Dataset records
:::::

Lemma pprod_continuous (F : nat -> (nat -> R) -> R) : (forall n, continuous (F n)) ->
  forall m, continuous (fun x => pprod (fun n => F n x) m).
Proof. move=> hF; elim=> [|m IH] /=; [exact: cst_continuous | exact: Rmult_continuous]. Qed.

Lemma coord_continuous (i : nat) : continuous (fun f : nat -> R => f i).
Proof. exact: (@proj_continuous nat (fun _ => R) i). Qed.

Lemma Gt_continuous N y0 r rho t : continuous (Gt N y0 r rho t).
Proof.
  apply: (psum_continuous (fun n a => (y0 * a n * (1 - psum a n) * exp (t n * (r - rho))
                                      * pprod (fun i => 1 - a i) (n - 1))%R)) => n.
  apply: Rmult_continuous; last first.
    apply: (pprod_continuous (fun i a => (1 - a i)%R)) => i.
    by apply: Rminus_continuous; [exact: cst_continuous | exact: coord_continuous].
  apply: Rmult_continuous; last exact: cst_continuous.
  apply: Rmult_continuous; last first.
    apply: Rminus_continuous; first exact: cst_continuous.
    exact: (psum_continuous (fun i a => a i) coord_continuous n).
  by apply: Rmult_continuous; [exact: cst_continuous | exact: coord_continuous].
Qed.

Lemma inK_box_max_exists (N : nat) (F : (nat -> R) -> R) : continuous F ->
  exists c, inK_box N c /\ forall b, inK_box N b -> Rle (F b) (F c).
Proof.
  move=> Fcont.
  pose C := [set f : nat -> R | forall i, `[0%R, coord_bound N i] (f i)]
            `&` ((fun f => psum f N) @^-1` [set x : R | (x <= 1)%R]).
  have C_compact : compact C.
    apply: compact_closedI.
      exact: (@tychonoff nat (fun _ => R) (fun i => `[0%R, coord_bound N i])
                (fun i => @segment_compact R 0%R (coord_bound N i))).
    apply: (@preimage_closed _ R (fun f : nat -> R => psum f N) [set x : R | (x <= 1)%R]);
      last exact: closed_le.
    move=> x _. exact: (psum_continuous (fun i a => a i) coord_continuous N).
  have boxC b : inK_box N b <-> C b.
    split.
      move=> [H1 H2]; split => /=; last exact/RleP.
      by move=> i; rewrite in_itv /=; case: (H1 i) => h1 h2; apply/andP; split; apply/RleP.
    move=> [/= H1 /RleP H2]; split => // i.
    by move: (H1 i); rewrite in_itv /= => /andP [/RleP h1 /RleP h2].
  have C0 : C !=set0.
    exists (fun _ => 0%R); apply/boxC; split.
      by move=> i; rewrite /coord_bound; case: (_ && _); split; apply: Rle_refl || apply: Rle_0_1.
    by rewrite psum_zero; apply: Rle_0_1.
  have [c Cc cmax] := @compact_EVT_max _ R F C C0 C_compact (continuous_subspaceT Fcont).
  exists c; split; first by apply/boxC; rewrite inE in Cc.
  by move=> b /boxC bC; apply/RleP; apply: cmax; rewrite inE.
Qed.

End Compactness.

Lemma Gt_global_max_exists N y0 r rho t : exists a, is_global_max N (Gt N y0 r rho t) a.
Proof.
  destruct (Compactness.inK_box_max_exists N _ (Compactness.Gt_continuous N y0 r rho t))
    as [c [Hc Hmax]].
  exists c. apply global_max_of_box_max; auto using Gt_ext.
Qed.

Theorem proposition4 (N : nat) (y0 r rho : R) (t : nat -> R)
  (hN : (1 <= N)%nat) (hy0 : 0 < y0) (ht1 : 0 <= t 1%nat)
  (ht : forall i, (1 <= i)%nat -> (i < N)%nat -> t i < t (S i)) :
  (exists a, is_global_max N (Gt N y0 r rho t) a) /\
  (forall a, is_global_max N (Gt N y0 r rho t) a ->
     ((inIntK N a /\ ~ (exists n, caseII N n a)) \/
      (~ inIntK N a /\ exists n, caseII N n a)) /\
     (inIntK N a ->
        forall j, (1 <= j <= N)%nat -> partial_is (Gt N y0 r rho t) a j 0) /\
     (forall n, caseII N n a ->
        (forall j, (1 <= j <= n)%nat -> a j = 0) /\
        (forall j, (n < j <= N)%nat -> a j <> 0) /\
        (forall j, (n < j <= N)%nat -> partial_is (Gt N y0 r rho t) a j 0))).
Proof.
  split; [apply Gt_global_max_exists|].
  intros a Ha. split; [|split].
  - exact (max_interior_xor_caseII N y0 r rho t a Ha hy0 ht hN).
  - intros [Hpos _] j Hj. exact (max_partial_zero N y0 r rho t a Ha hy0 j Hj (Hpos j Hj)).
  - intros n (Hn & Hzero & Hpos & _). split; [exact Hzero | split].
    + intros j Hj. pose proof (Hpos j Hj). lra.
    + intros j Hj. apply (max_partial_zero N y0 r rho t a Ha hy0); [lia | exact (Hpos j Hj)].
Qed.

:::::

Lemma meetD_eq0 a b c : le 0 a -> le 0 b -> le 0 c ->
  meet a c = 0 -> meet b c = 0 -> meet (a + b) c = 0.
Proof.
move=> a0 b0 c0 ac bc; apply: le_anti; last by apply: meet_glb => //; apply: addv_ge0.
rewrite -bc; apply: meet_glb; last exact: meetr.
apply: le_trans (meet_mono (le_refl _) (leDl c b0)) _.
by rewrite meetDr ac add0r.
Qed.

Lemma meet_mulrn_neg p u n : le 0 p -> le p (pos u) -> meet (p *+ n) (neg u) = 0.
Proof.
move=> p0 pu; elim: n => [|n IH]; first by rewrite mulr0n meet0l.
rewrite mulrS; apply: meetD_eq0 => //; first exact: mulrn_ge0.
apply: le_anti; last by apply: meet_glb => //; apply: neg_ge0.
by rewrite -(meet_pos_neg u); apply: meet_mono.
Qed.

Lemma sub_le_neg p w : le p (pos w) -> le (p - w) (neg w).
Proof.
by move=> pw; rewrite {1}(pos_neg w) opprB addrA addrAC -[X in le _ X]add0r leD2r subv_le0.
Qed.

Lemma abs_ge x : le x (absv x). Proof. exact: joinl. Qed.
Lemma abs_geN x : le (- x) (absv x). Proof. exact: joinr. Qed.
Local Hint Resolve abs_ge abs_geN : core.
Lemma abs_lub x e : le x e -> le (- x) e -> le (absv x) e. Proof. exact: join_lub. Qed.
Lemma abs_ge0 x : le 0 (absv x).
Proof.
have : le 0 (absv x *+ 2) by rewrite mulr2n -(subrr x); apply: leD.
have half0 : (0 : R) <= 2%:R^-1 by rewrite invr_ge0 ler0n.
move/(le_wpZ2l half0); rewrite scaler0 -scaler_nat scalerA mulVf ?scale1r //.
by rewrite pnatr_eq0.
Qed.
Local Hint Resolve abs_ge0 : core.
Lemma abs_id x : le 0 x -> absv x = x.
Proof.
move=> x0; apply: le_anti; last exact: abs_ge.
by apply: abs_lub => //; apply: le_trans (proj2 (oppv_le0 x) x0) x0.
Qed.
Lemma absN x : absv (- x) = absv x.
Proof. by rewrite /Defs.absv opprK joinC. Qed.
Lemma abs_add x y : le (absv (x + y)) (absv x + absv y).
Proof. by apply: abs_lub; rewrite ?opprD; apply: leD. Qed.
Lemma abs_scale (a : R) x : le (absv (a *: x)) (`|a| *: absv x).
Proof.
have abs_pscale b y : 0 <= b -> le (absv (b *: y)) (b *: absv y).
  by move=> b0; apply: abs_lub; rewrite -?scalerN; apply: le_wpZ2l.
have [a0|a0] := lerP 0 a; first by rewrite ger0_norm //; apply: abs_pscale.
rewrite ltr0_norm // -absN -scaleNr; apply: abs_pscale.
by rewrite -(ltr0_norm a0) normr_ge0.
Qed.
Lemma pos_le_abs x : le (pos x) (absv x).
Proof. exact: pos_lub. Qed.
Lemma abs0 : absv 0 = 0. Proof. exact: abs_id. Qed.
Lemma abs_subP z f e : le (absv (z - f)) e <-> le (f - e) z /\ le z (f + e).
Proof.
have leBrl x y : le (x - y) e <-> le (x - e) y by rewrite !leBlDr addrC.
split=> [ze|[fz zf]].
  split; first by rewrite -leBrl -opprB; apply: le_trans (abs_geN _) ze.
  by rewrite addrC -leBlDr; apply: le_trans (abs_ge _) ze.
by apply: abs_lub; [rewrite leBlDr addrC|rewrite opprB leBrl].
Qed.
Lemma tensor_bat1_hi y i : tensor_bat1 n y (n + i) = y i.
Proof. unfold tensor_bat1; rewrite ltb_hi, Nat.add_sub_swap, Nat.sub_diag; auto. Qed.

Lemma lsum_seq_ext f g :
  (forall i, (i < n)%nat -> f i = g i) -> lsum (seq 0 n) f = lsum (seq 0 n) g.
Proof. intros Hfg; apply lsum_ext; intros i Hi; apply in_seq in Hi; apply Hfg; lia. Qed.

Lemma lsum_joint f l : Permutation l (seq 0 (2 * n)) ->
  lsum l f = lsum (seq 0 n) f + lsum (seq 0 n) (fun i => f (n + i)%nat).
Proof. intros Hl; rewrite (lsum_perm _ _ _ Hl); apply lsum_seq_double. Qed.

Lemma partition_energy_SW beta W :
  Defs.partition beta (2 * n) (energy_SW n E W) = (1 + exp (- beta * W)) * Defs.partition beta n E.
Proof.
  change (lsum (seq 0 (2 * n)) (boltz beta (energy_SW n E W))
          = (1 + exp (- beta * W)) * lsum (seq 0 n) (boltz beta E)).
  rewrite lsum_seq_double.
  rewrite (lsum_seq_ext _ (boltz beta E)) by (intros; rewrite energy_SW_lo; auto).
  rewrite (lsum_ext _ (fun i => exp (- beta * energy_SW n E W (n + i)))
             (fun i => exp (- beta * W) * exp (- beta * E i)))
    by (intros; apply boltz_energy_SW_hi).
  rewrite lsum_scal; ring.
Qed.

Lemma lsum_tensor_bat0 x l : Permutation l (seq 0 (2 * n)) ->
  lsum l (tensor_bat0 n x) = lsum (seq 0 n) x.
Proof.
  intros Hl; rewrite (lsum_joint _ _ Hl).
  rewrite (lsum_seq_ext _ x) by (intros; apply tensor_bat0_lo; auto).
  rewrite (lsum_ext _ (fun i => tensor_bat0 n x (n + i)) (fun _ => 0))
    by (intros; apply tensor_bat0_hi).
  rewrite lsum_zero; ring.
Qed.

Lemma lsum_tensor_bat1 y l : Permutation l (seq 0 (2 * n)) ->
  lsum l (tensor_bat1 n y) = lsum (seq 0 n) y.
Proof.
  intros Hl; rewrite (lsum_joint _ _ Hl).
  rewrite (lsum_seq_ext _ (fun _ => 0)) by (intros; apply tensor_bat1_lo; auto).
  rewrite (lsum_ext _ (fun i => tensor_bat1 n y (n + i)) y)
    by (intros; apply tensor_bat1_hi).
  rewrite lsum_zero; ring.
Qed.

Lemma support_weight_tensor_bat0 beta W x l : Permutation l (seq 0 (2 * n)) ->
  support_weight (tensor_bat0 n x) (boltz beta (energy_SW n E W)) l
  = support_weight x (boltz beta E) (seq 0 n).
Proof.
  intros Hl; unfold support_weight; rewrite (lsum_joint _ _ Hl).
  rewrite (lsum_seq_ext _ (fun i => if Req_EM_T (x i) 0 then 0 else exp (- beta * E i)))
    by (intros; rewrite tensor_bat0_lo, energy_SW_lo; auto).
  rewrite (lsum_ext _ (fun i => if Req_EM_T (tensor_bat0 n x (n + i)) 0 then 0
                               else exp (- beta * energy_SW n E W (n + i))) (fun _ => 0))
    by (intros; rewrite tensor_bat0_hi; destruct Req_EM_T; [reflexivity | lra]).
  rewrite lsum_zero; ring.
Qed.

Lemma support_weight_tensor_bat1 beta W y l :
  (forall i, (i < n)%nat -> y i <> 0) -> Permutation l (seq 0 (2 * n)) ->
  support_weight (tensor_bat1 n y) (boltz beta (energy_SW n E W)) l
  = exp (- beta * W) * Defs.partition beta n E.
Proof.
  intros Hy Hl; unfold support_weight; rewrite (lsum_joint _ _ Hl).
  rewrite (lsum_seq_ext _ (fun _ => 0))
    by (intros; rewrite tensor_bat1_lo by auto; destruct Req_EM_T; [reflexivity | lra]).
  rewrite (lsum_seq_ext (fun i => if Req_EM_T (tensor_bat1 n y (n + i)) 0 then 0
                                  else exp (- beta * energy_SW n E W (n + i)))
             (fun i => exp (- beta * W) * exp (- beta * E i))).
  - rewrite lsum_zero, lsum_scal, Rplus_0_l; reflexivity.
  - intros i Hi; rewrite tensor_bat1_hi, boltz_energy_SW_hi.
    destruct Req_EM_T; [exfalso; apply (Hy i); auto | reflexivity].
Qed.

:::::

Using the data above, reproduce exactly the lines from the line that contains "Lemma pprod_continuous (F" through the line that contains "Lemma coord_continuous (i", including both.

▶ _Response to the task_
Lemma pprod_continuous (F : nat -> (nat -> R) -> R) : (forall n, continuous (F n)) ->
  forall m, continuous (fun x => pprod (fun n => F n x) m).
Proof. move=> hF; elim=> [|m IH] /=; [exact: cst_continuous | exact: Rmult_continuous]. Qed.

Lemma coord_continuous (i : nat) : continuous (fun f : nat -> R => f i).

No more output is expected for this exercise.